We collected and quantified DNA from the original 12 non-small cell lung cancer (NSCLC) patient FFPE samples and the matched BM samples. The average coverage depth for the tumor cells and normal cells were 194× and 120×, respectively. Detailed clinicopathological information is summarized in Table S1. We identified 1,702 SNVs and 6,131 mutation events in 1,220 genes from 12 paired LC and BM, including the most frequent LC driver gene mutations such as TP53, EGFR, BRCA1, BRCA2, and BRAF. We identified a mean of 3.1 driver gene mutation events per tumor with the dN/dS of 2.13 which is slightly higher than non-metastatic LC samples in TCGA, indicating a significant enrichment for the cancer driver gene mutations. We did not find any difference in the dN/dS ratio between primary tumor (dN/dS =2.20), BM tumor (dN/dS =2.06), and shared mutations between LC and BM (dN/dS =2.25).
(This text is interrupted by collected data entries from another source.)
(* Let $G$ be a connected graph of order at least three. Then $\gamma_{cI}(G)=2\beta(G)$ if and only if $G\in\mathcal{G}$.
   Context: All graphs are finite and simple; $N(v)$ is the open neighborhood of $v$. A leaf is a vertex of degree one. $\beta(G)$ is the vertex cover number (minimum size of a set containing at least one endpoint of every edge). For $f:V(G)\to\{0,1,2\}$ let $V_i=\{v: f(v)=i\}$ and $\omega(f)=\sum_v f(v)$. A covering Italian dominating function (CID function) of $G$ is an $f:V(G)\to\{0,1,2\}$ such that every vertex $v$ with $f(v)=0$ satisfies $\sum_{u\in N(v)}f(u)\ge 2$, and $V_0$ is an independent set. $\gamma_{cI}(G)$ is the minimum of $\omega(f)$ over all CID functions of $G$. The family $\mathcal{G}$: a graph $G$ belongs to $\mathcal{G}$ if it is constructed from a graph $H$ (an induced subgraph of $G$) as follows: $S=V(G)\setminus V(H)$ is an independent set of $G$; every vertex of $H$ is joined to at least two vertices of $S$, at least one of which is a leaf of $G$; and for every $k\ge1$, any $k$ independent vertices of $H$, chosen among those vertices of $H$ adjacent to exactly one leaf in $S$, have (together) at least $k$ non-leaf (independent) neighbors in $S$. *)

From mathcomp Require Import all_boot all_order.
Set Implicit Arguments. Unset Strict Implicit. Unset Printing Implicit Defensive.

Section Graphs.
Variables (T : finType) (e : rel T).

Definition simple_graph : Prop := symmetric e /\ irreflexive e.
Definition connected_graph : Prop := forall x y : T, connect e x y.

Definition nbhd (v : T) : {set T} := [set u | e v u].
Definition is_leaf (v : T) : bool := #|nbhd v| == 1.

Definition independent (A : {set T}) : Prop :=
  forall u v, u \in A -> v \in A -> ~~ e u v.

Definition vertex_cover (C : {set T}) : bool :=
  [forall u, forall v, e u v ==> (u \in C) || (v \in C)].

(* vertex cover number: minimum size of a vertex cover ([set: T] is one) *)
Definition beta : nat :=
  #|[arg min_(C < [set: T] | vertex_cover C) #|C|]|.

Definition weight (f : {ffun T -> 'I_3}) : nat := \sum_(v : T) (f v : nat).

Definition V0 (f : {ffun T -> 'I_3}) : {set T} := [set v | (f v : nat) == 0].

Definition is_CID (f : {ffun T -> 'I_3}) : bool :=
  [forall v, ((f v : nat) == 0) ==> (2 <= \sum_(u in nbhd v) (f u : nat))]
  && [forall u, forall v, (u \in V0 f) && (v \in V0 f) ==> ~~ e u v].

(* the constant-2 function is a CID function *)
Definition two_fun : {ffun T -> 'I_3} := [ffun => (ord_max : 'I_3)].

Definition gamma_cI : nat :=
  weight [arg min_(f < two_fun | is_CID f) weight f].

(* The family \mathcal{G}: H is the vertex set of the induced subgraph,
   S = V(G) \ V(H). *)
Definition in_family_G : Prop :=
  exists H : {set T},
    let S := ~: H in
    independent S /\
    (forall v, v \in H ->
       2 <= #|nbhd v :&: S| /\ exists2 l, l \in nbhd v :&: S & is_leaf l) /\
    (forall I : {set T}, I \subset H -> independent I ->
       (forall v, v \in I -> #|[set l in nbhd v :&: S | is_leaf l]| = 1) ->
       #|I| <= #|[set u in S | ~~ is_leaf u &
                   [exists v in I, u \in nbhd v]]|).

End Graphs.

From mathcomp Require Import all_boot all_order.
From mathcomp Require Import zify.
Set Implicit Arguments. Unset Strict Implicit. Unset Printing Implicit Defensive.

(* If no vertex is isolated, weight 2 on a minimum vertex cover and 0 elsewhere
   is a CID function, so gamma_cI <= 2 beta.
   Conversely, let H be as in the family.  In a CID function, a vertex v of H
   together with its pendant leaves outside H carries weight at least 2, unless
   v has weight 0 and a single pendant leaf, of weight 1.  These deficient
   vertices are independent, so the Hall-type condition gives at least as many
   non-leaf neighbours of them outside H, all of positive weight; hence every
   CID function weighs at least 2|H| >= 2 beta.
   For the forward direction let C be a vertex cover with 2|C| <= gamma_cI.
   Lowering a vertex v of C to weight 1 gives a CID function unless v has a
   pendant leaf outside C.  If every vertex of an independent I included in C
   has exactly one pendant leaf outside C, then weight 0 on I, 2 on the rest
   of C and 1 on the neighbours of I outside C is a CID function of weight at
   most 2|C| - |I| + (number of non-leaf such neighbours).  So C satisfies the
   conditions defining the family. *)

Section CoveringItalian.
Variables (T : finType) (e : rel T).
Hypothesis esym : symmetric e.
Hypothesis eirr : irreflexive e.

Local Notation N := (nbhd e).

Lemma in_nbhd u v : (u \in N v) = e v u.
Proof. by rewrite inE. Qed.

Lemma leq_sum_sub (P Q : pred T) (F : T -> nat) :
  (forall v, P v -> Q v) -> \sum_(v | P v) F v <= \sum_(v | Q v) F v.
Proof. exact: (sub_le_big leqnn (fun m n => leq_addr n m)). Qed.

Lemma leq_nbhd_sum (F : T -> nat) v w : e v w -> F w <= \sum_(u in N v) F u.
Proof. by move=> evw; rewrite (bigD1 w) ?in_nbhd //= leq_addr. Qed.

Lemma leq_nbhd_sum2 (F : T -> nat) v w1 w2 :
  e v w1 -> e v w2 -> w1 != w2 -> F w1 + F w2 <= \sum_(u in N v) F u.
Proof.
move=> evw1 evw2 w12; rewrite (bigD1 w1) ?in_nbhd //= leq_add2l.
by rewrite (bigD1 w2) /= ?leq_addr // inE evw2 eq_sym.
Qed.

Lemma sum_mem_card (A : {set T}) : \sum_v (v \in A : nat) = #|A|.
Proof. by rewrite -sum1_card [RHS]big_mkcond. Qed.

Definition cid_weighting (g : T -> nat) : Prop :=
  [/\ forall v, g v <= 2,
      forall v, g v = 0 -> 2 <= \sum_(u in N v) g u &
      forall u v, g u = 0 -> g v = 0 -> ~~ e u v].

Lemma is_CIDP (f : {ffun T -> 'I_3}) :
  is_CID e f <-> cid_weighting (fun v => f v).
Proof.
split.
- case/andP => /forallP zero_dom /forallP zero_ind.
  split=> [v | v f0 | u v fu fv]; first by rewrite -ltnS ltn_ord.
    by have /implyP := zero_dom v; apply; apply/eqP.
  by have /forallP/(_ v)/implyP := zero_ind u; apply; rewrite !inE fu fv.
- case=> _ zero_dom zero_ind; apply/andP; split; apply/forallP => u.
    by apply/implyP => /eqP /zero_dom.
  apply/forallP => v; apply/implyP; rewrite !inE => /andP[/eqP fu /eqP fv].
  exact: zero_ind.
Qed.

Lemma two_fun_CID : is_CID e (two_fun T).
Proof. by apply/is_CIDP; split=> [v | v | u v]; rewrite ffunE. Qed.

Lemma gamma_cI_le_sum (g : T -> nat) :
  cid_weighting g -> gamma_cI e <= \sum_v g v.
Proof.
case=> g_le2 g_dom g_ind.
pose f : {ffun T -> 'I_3} := [ffun v => inord (g v)].
have fE v : (f v : nat) = g v by rewrite ffunE inordK // ltnS.
have f_CID : is_CID e f.
  apply/is_CIDP; split=> [v | v | u v]; rewrite ?fE //.
    by under eq_bigr do rewrite fE; exact: g_dom.
  exact: g_ind.
rewrite /gamma_cI; case: arg_minnP => [|f0 _ f0_min]; first exact: two_fun_CID.
by apply: leq_trans (f0_min f f_CID) _; under [weight f]eq_bigr do rewrite fE.
Qed.

Lemma leq_gamma_cI n :
  (forall f, is_CID e f -> n <= weight f) -> n <= gamma_cI e.
Proof.
move=> n_le; rewrite /gamma_cI.
by case: arg_minnP => [|f f_CID _]; [exact: two_fun_CID | exact: n_le].
Qed.

Lemma vertex_cover_nbr (C : {set T}) u v :
  vertex_cover e C -> e u v -> u \notin C -> v \in C.
Proof. by move=> /forallP/(_ u)/forallP/(_ v)/implyP cov /cov /orP[->|]. Qed.

Lemma vertex_coverC (C : {set T}) : vertex_cover e C <-> independent e (~: C).
Proof.
split=> [C_cov u v | indC].
  rewrite !inE => uC vC; apply/negP => euv.
  by move: (vertex_cover_nbr C_cov euv uC); rewrite (negPf vC).
apply/forallP => u; apply/forallP => v; apply/implyP => euv.
case: (boolP (u \in C)) => //= uC; apply/negPn/negP => vC.
by move: (indC u v); rewrite !inE uC vC euv => /(_ isT isT).
Qed.

Lemma min_vertex_cover : exists2 C, vertex_cover e C & beta e = #|C|.
Proof.
rewrite /beta; case: arg_minnP => [|C C_cov _]; last by exists C.
by apply/forallP => u; apply/forallP => v; rewrite inE implybT.
Qed.

Lemma beta_le_cover (C : {set T}) : vertex_cover e C -> beta e <= #|C|.
Proof.
move=> C_cov; rewrite /beta; case: arg_minnP => [|C0 _]; last exact.
by apply/forallP => u; apply/forallP => v; rewrite inE implybT.
Qed.

Lemma gamma_cI_le_cover (C : {set T}) :
  (forall v, exists w, e v w) -> vertex_cover e C -> gamma_cI e <= 2 * #|C|.
Proof.
move=> nbr C_cov; rewrite -sum_mem_card big_distrr /=.
apply: gamma_cI_le_sum; split=> [v | v | u v]; first by case: (v \in C).
  case: (boolP (v \in C)) => // vC _; have [w evw] := nbr v.
  by apply: leq_trans (leq_nbhd_sum _ evw); rewrite (vertex_cover_nbr C_cov evw vC).
case: (boolP (u \in C)) => // uC _; case: (boolP (v \in C)) => // vC _.
by apply/negP => /(vertex_cover_nbr C_cov)/(_ uC); rewrite (negPf vC).
Qed.

Definition leaf_nbhd (B : {set T}) v := [set l in N v :&: B | is_leaf e l].

Definition nonleaf_nbhd (B I : {set T}) :=
  [set u in B | ~~ is_leaf e u & [exists v in I, u \in N v]].

Lemma nbhd_leaf v l : e v l -> is_leaf e l -> N l = [set v].
Proof.
move=> evl /cards1P[x Nl].
have : v \in N l by rewrite in_nbhd esym.
by rewrite Nl inE => /eqP ->.
Qed.

Lemma nonleaf_other_nbr v u : e v u -> ~~ is_leaf e v -> exists2 w, e v w & w != u.
Proof.
move=> evu v_nleaf; have : 0 < #|N v :\ u|.
  by move: v_nleaf; rewrite /is_leaf (cardsD1 u) in_nbhd evu; lia.
by case/card_gt0P => w; rewrite !inE => /andP[wu evw]; exists w.
Qed.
We identified several LC metastases-associated genes (KMT2C, AHNAK2, PDE4DIP, ANKRD36C, and BAGE2), and the mutations of these genes showed distribution diversity among the LC and BM samples (Figure 1A,B). Mutations of KMT2C were found in 25% of LC samples; however, the mutation frequency in BM was up to 50%, indicating the positive selection of KMT2C mutations during metastasis. According to TCGA dataset AHNAK2 have significant enrichment in LC, with a mutation ratio of 18.8% in LC while 9.98% in pan-cancer (P=7.2×10⁻⁹, Chi-square test). However, the mutation frequency of AHNAK2 in our dataset is as high as 26.9% which is 1.43 times that of the LC population in TCGA dataset (P=0.02, Chi-square test). We also observed all EGFR mutations were shared between LC and BM, suggesting that EGFR mutations are drivers and likely to be an early event before BM.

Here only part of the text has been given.